The output should look like:

Demographics Char. By Province

Province
		1	2	3	4
Gender
	Male	100.0	42.9	100.0
	Female		57.1		100.0
Educational Level
	Primary School		28.6		100.0
	High School	100.0	57.1	100.0
	University Level		14.3
Age Group
	0-24				100.0
	25-34		28.6	100.0
	35-44	100.0	28.6
	45-59		28.6
	60+		14.3

I am using Stata 18.

Thanks for your support.

Tags: None

Jeff Pitblado (StataCorp)

StataCorp Employee

Join Date: Mar 2014
Posts: 700

13 Feb 2025, 14:12

Your code, even if it were properly enclosed in a [code]...[/code] block, is difficult to comment on without data to go with it. In addition, it is missing some code you used to stack the row variables for each sheet and is missing the definition for macro sheet_name. I assume you used the column variable's name for the sheet name.

Using your example table, which also could have been enclosed in a code block, I was able to simulate a dataset. Here is the code I came up with, I highlight the changes/additions in blue.

Code:

clear all

* simulate some data
set seed 18
set obs 1000

generate province = runiformint(1,4)
label variable province "Province"

generate gender = runiformint(1,2)
label variable gender "Gender"
label define gender 1 "Male" 2 "Female"
label values gender gender

generate edu = runiformint(1,3)
label variable edu "Eductation Level"
label define edu ///
    1 "Primary School" ///
    2 "High School" ///
    3 "University Level"
label values edu edu

generate age = runiformint(1,5)
label variable age "Age Group"
label define age ///
    1 "0-24" ///
    2 "25-34" ///
    3 "35-44" ///
    4 "45-59" ///
    5 "60+"
label values age age

// Define all variables
// note: I like to use -unab- to ensure the variable names are not abbreviated
unab all_vars : province gender edu age

// Define output file
local summary_file "Demographics Characteristics.xlsx"

// Loop through column variables
local modify replace
foreach col of local all_vars {

    // Define row variables excluding the column variable
    local row_vars : list all_vars - col

    // get the minimum level of the current column variable
    summarize `col', meanonly
    local min = r(min)

    // Start creating the summary table
    local first = 1
    foreach row of local row_vars {
        if `first' == 1 {
            table `row' `col', ///
                stat(percent, across(`row')) ///
                nototals ///
                nformat(%4.1f) ///
                missing
            local first = 0
        }
        else {
            table `row' `col', ///
                append ///
                stat(percent, across(`row')) ///
                nototals ///
                nformat(%4.1f) ///
                missing
        }

        // add a transparent result to help us shift the first
        // real row level to be placed in the next row below the
        // dimension title
        collect get percent=" ", tags(`row'[_hide] `col'[`min'])

        // put this new row level first 
        quietly collect levels `row'
        collect style autolevels `row' _hide `s(levels)', clear

        // bold the row dimension's title
        collect style cell `row'[_hide], font(, bold)

    }

    // Set font to "Calibri Light" and decimal format
    collect style cell, font("Calibri Light") nformat(%4.1f)

    // Split the row headers so the dimension levels are placed in
    // their own column -- you need option -nospan- to prevent the row
    // titles from spanning into column of the row-header level
    collect style row split, dups(first) nospan

    // Add table title
    local vlab : variable label `col'
    if "`vlab'" == "" {
        local vlab "`col'"
    }
    collect title "Demographics Char.

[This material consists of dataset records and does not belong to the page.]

(* For every $\varphi\in\mathcal{L}_{AIL}$, the closure $cl(\varphi)$ is finite.
   Context: $\mathcal{L}_{AIL}$ over a countable set $\mathcal{P}$ of atoms and finite set $\mathcal{G}$ of agents: $\varphi::=p\mid\neg\varphi\mid\varphi\wedge\varphi\mid A_i\varphi\mid I_i\varphi\mid E_i\varphi\mid[\approx]_i\varphi\mid[\circ^+]_i\varphi$. $cl(\varphi)$ is the smallest set such that: (1) $\varphi\in cl(\varphi)$; (2) if $\psi\in cl(\varphi)$ then all subformulas of $\psi$ are in $cl(\varphi)$; (3) if $\psi\in cl(\varphi)$ and $\psi$ is not a negation, then $\neg\psi\in cl(\varphi)$; (4) if $A_i\psi\in cl(\varphi)$ then $A_i\chi\in cl(\varphi)$ for every subformula $\chi$ of $\psi$; (5) if $A_i\psi\in cl(\varphi)$ then $I_iA_i\psi$, $I_i\neg A_i\psi$, and $[\approx]_ip$ are in $cl(\varphi)$ for every atom $p$ that is a subformula of $\psi$; (6) if $I_i\psi\in cl(\varphi)$ and $\psi$ is of neither the form $I_i\chi$ nor $\neg I_i\chi$, then $I_iI_i\psi,I_i\neg I_i\psi\in cl(\varphi)$; (7) if $[\approx]_i\psi\in cl(\varphi)$ and $\psi$ is of neither the form $[\approx]_i\chi$ nor $\neg[\approx]_i\chi$, then $[\approx]_i[\approx]_i\psi,[\approx]_i\neg[\approx]_i\psi\in cl(\varphi)$; (8) if $[\circ^+]_i\psi\in cl(\varphi)$ then $[\approx]_iI_i[\circ^+]_i\psi\in cl(\varphi)$; (9) if $E_i\psi\in cl(\varphi)$ then $A_i\psi,[\circ^+]_i\psi\in cl(\varphi)$. *)

From mathcomp Require Import all_boot.
From Stdlib Require Import List.

Set Implicit Arguments.
Unset Strict Implicit.

Section Syntax.
Variables (P : Type) (G : Type).

Inductive form : Type :=
| Atom  : P -> form
| Neg   : form -> form
| And   : form -> form -> form
| Aw    : G -> form -> form
| Iw    : G -> form -> form
| Ew    : G -> form -> form
| Sim   : G -> form -> form   (* [≈]_i *)
| Circ  : G -> form -> form.  (* [∘+]_i *)

Inductive isub : form -> form -> Prop :=
| isub_neg  : forall a, isub a (Neg a)
| isub_andl : forall a b, isub a (And a b)
| isub_andr : forall a b, isub b (And a b)
| isub_A    : forall i a, isub a (Aw i a)
| isub_I    : forall i a, isub a (Iw i a)
| isub_E    : forall i a, isub a (Ew i a)
| isub_Sim  : forall i a, isub a (Sim i a)
| isub_Circ : forall i a, isub a (Circ i a).

Inductive subformula : form -> form -> Prop :=
| sub_refl : forall a, subformula a a
| sub_step : forall a b c, isub a b -> subformula b c -> subformula a c.

Inductive cl (phi : form) : form -> Prop :=
| cl1 : cl phi phi
| cl2 : forall psi chi, cl phi psi -> subformula chi psi -> cl phi chi
| cl3 : forall psi, cl phi psi -> (forall chi, psi <> Neg chi) -> cl phi (Neg psi)
| cl4 : forall i psi chi, cl phi (Aw i psi) -> subformula chi psi -> cl phi (Aw i chi)
| cl5a : forall i psi, cl phi (Aw i psi) -> cl phi (Iw i (Aw i psi))
| cl5b : forall i psi, cl phi (Aw i psi) -> cl phi (Iw i (Neg (Aw i psi)))
| cl5c : forall i psi p, cl phi (Aw i psi) -> subformula (Atom p) psi ->
           cl phi (Sim i (Atom p))
| cl6a : forall i psi, cl phi (Iw i psi) ->
           (forall chi, psi <> Iw i chi) -> (forall chi, psi <> Neg (Iw i chi)) ->
           cl phi (Iw i (Iw i psi))
| cl6b : forall i psi, cl phi (Iw i psi) ->
           (forall chi, psi <> Iw i chi) -> (forall chi, psi <> Neg (Iw i chi)) ->
           cl phi (Iw i (Neg (Iw i psi)))
| cl7a : forall i psi, cl phi (Sim i psi) ->
           (forall chi, psi <> Sim i chi) -> (forall chi, psi <> Neg (Sim i chi)) ->
           cl phi (Sim i (Sim i psi))
| cl7b : forall i psi, cl phi (Sim i psi) ->
           (forall chi, psi <> Sim i chi) -> (forall chi, psi <> Neg (Sim i chi)) ->
           cl phi (Sim i (Neg (Sim i psi)))
| cl8 : forall i psi, cl phi (Circ i psi) -> cl phi (Sim i (Iw i (Circ i psi)))
| cl9a : forall i psi, cl phi (Ew i psi) -> cl phi (Aw i psi)
| cl9b : forall i psi, cl phi (Ew i psi) -> cl phi (Circ i psi).

End Syntax.

Definition finite_set (T : Type) (S : T -> Prop) : Prop :=
  exists l : list T, forall x, S x -> List.In x l.

From Pilot Require Import Defs.
From mathcomp Require Import all_boot.
From Stdlib Require Import List.

Set Implicit Arguments.
Unset Strict Implicit.

(* Every formula of cl(φ) is a subformula of φ, a formula of one of twenty
   shapes built from an agent i and a subformula X of φ, or the negation of
   one of these.  The shapes are A_i X, [∘+]_i X, and the introspections
   M t, M M t, M ¬M t of t, for M = I_i with t ∈ {X, A_i X, ¬A_i X, [∘+]_i X}
   and for M = [≈]_i with t ∈ {X, I_i [∘+]_i X}.  This set is closed under
   subformulas and under every clause of cl; the side conditions of clauses
   (6) and (7) are what stop the towers of I_i and [≈]_i after two levels.
   There are finitely many agents and subformulas, so the set is finite. *)

Section Subformulas.
Variables (P G : Type).
Notation form := (Defs.form P G).
Implicit Types (a b c : form).

Lemma subformula_trans a b c : subformula a b -> subformula b c -> subformula a c.
Proof. by elim=> // a' b' c' ab' _ IH /IH; apply: sub_step. Qed.

Fixpoint subformulas c : list form :=
  c :: match c with
       | Atom _ => [::]
       | And a b => (subformulas a ++ subformulas b)%list
       | Neg a | Aw _ a | Iw _ a | Ew _ a | Sim _ a | Circ _ a => subformulas a
       end.

Lemma subformulas_self c : In c (subformulas c).
Proof. by case: c; left. Qed.

Lemma subformulas_isub c a b : In b (subformulas c) -> isub a b -> In a (subformulas c).
Proof.
elim: c => [p|c IH|c1 IH1 c2 IH2|i c IH|i c IH|i c IH|i c IH|i c IH] /= [<-|Hb] ab;
  try by inversion ab; subst; right; rewrite ?in_app_iff; auto using subformulas_self.
all: right; rewrite ?in_app_iff in Hb *; intuition.
Qed.

Lemma In_subformulas a b : subformula a b -> In a (subformulas b).
Proof.
elim=> [c|a' b' c ab _ IH]; first exact: subformulas_self.
exact: subformulas_isub IH ab.
Qed.

End Subformulas.

Section Bound.
Variables (P G : Type).
Notation form := (Defs.form P G).
Implicit Types (f g t X : form) (i : G).

Definition introspection (M : form -> form) t : list form :=
  [:: M t; M (M t); M (Neg (M t))].

Definition Iw_targets i X : list form := [:: X; Aw i X; Neg (Aw i X); Circ i X].

Definition Sim_targets i X : list form := [:: X; Iw i (Circ i X)].

Definition modal_shapes i X : list form :=
  Aw i X :: Circ i X ::
  (flat_map (introspection (Iw i)) (Iw_targets i X) ++
   flat_map (introspection (Sim i)) (Sim_targets i X))%list.

Variable phi : form.

Definition cl_core f :=
  subformula f phi \/ exists i X, subformula X phi /\ In f (modal_shapes i X).

Definition cl_bound f := cl_core f \/ exists g, cl_core g /\ f = Neg g.

Lemma cl_core_Iw_introspection i X t f :
  subformula X phi -> In t (Iw_targets i X) -> In f (introspection (Iw i) t) -> cl_core f.
Proof.
move=> HX Ht Hf; right; exists i, X; split=> //.
by do 2 right; apply/in_app_iff; left; apply/in_flat_map; exists t.
Qed.

Lemma cl_core_Sim_introspection i X t f :
  subformula X phi -> In t (Sim_targets i X) -> In f (introspection (Sim i) t) -> cl_core f.
Proof.
move=> HX Ht Hf; right; exists i, X; split=> //.
by do 2 right; apply/in_app_iff; right; apply/in_flat_map; exists t.
Qed.

Lemma cl_bound_shape i X f : subformula X phi -> In f (modal_shapes i X) -> cl_bound f.
Proof. by move=> HX Hf; left; right; exists i, X. Qed.

Ltac in_list := simpl; repeat first [left; reflexivity | right]; fail.

Lemma cl_bound_isub f g : cl_bound g -> isub f g -> cl_bound f.
Proof.
move=> [[Hg | [i [X [HX Hg]]]] | [g' [[Hg' | [i [X [HX Hg']]]] ->]]] fg.
- by left; left; apply: sub_step fg Hg.
- simpl in Hg; repeat destruct Hg as [<- | Hg]; try contradiction;
    inversion fg; subst;
    first [ by left; left
          | by apply: (cl_bound_shape (i := i) HX); in_list
          | by right; eexists; split; [|reflexivity]; right; exists i, X; split; [|in_list] ].
- by inversion fg; subst; left; left.
- by inversion fg; subst; left; right; exists i, X.
Qed.

Lemma cl_bound_subformula f g : subformula f g -> cl_bound g -> cl_bound f.
Proof. by elim=> // f' g' h fg _ IH /IH /cl_bound_isub; apply. Qed.

Ltac invert_cl_bound H Hsub :=
  let Hin := fresh "Hin" in
  destruct H as [[Hsub | (? & ? & ? & Hin)] | (? & _ & Hin)];
  [ | simpl in Hin; repeat destruct Hin as [Hin | Hin]; try contradiction;
      inversion Hin; subst
    | discriminate ].

Lemma cl_bound_Aw i psi : cl_bound (Aw i psi) -> subformula psi phi.
Proof. by move=> H; invert_cl_bound H Hsub => //; apply: sub_step (isub_A _ _) Hsub. Qed.

Lemma cl_bound_Circ i psi : cl_bound (Circ i psi) -> subformula psi phi.
Proof. by move=> H; invert_cl_bound H Hsub => //; apply: sub_step (isub_Circ _ _) Hsub. Qed.

Lemma cl_bound_Ew i psi : cl_bound (Ew i psi) -> subformula psi phi.
Proof. by move=> H; invert_cl_bound H Hsub; apply: sub_step (isub_E _ _) Hsub. Qed.

Lemma cl_bound_Iw i psi :
  cl_bound (Iw i psi) ->
  (forall chi, psi <> Iw i chi) -> (forall chi, psi <> Neg (Iw i chi)) ->
  exists2 X, subformula X phi & In psi (Iw_targets i X).
Proof.
move=> H notI notNI; invert_cl_bound H Hsub;
  try by [exfalso; apply: notI | exfalso; apply: notNI].
- by exists psi; [apply: sub_step (isub_I _ _) Hsub | left].
all: by eexists; [eassumption | in_list].
Qed.

Lemma cl_bound_Sim i psi :
  cl_bound (Sim i psi) ->
  (forall chi, psi <> Sim i chi) -> (forall chi, psi <> Neg (Sim i chi)) ->
  exists2 X, subformula X phi & In psi (Sim_targets i X).
Proof.
move=> H notS notNS; invert_cl_bound H Hsub;
  try by [exfalso; apply: notS | exfalso; apply: notNS].
- by exists psi; [apply: sub_step (isub_Sim _ _) Hsub | left].
all: by eexists; [eassumption | in_list].
Qed.

Lemma cl_sub_cl_bound f : cl phi f -> cl_bound f.
Proof.
elim=> {f} [| psi chi _ IH sub | psi _ IH notNeg | i psi chi _ /cl_bound_Aw IH sub
  | i psi _ /cl_bound_Aw IH | i psi _ /cl_bound_Aw IH | i psi p _ /cl_bound_Aw IH sub
  | i psi _ IH notI notNI | i psi _ IH notI notNI | i psi _ IH notS notNS
  | i psi _ IH notS notNS | i psi _ /cl_bound_Circ IH | i psi _ /cl_bound_Ew IH
  | i psi _ /cl_bound_Ew IH].
- by left; left; apply: Defs.sub_refl.
- exact: cl_bound_subformula sub IH.
- case: IH => [Hpsi | [g [_ Hg]]]; last by case: (notNeg g).
  by right; exists psi.
- by apply: (cl_bound_shape (i := i) (subformula_trans sub IH)); in_list.
- by apply: (cl_bound_shape (i := i) IH); in_list.
- by apply: (cl_bound_shape (i := i) IH); in_list.
- by apply: (cl_bound_shape (i := i) (subformula_trans sub IH)); in_list.
- have [X HX Hpsi] := cl_bound_Iw IH notI notNI.
  by left; apply: (cl_core_Iw_introspection HX Hpsi); in_list.
- have [X HX Hpsi] := cl_bound_Iw IH notI notNI.
  by left; apply: (cl_core_Iw_introspection HX Hpsi); in_list.
- have [X HX Hpsi] := cl_bound_Sim IH notS notNS.
  by left; apply: (cl_core_Sim_introspection HX Hpsi); in_list.
- have [X HX Hpsi] := cl_bound_Sim IH notS notNS.
  by left; apply: (cl_core_Sim_introspection HX Hpsi); in_list.
- by apply: (cl_bound_shape (i := i) IH); in_list.
- by apply: (cl_bound_shape (i := i) IH); in_list.
- by apply: (cl_bound_shape (i := i) IH); in_list.
Qed.

End Bound.

Lemma finite_set_sub (T : Type) (S S' : T -> Prop) :
  (forall x, S x -> S' x) -> finite_set S' -> finite_set S.
Proof. by move=> SS' [l Hl]; exists l => x /SS' /Hl. Qed.

Lemma In_mem (T : eqType) (x : T) (s : list T) : x \in s -> In x s.
Proof. by elim: s => //= y s IH; rewrite inE => /orP [/eqP ->|/IH]; auto. Qed.

Lemma cl_bound_finite (P : Type) (G : finType) (phi : form P G) :
  finite_set (cl_bound phi).
Proof.
pose L := (subformulas phi ++
  flat_map (fun i => flat_map (modal_shapes i) (subformulas phi)) (enum G))%list.
have In_L f : cl_core phi f -> In f L.
  case=> [Hf | [i [X [HX Hf]]]]; apply/in_app_iff; [left | right].
    exact: In_subformulas.
  apply/in_flat_map; exists i; split; first by apply/In_mem; rewrite mem_enum.
  by apply/in_flat_map; exists X; split; first exact: In_subformulas.
exists (L ++ map (@Neg P G) L)%list => f Hf; apply/in_app_iff.
case: Hf => [/In_L | [g [/In_L Hg ->]]]; first by left.
by right; apply: in_map.
Qed.

Theorem lemma5 (P : countType) (G : finType) (phi : form P G) :
  finite_set (cl phi).
Proof. exact: finite_set_sub (@cl_sub_cl_bound _ _ phi) (cl_bound_finite phi). Qed.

By `vlab'"
    collect style title, font(, bold)

    // Hide the column variable's title since we just put it in the
    // table title
    collect style header `col', title(hide)

    // Update layout to stack row variable results into a single
    // table
    collect layout (`row_vars') (`col') (result)

    // Export the summary table to "Demographics Characteristics.xlsx"
    local sheet_name "`col'"
    collect export `"`summary_file'"', sheet("`sheet_name'") `modify'
    local modify modify

}

Here is a screenshot of the province sheet, taken from Open Office on my Mac.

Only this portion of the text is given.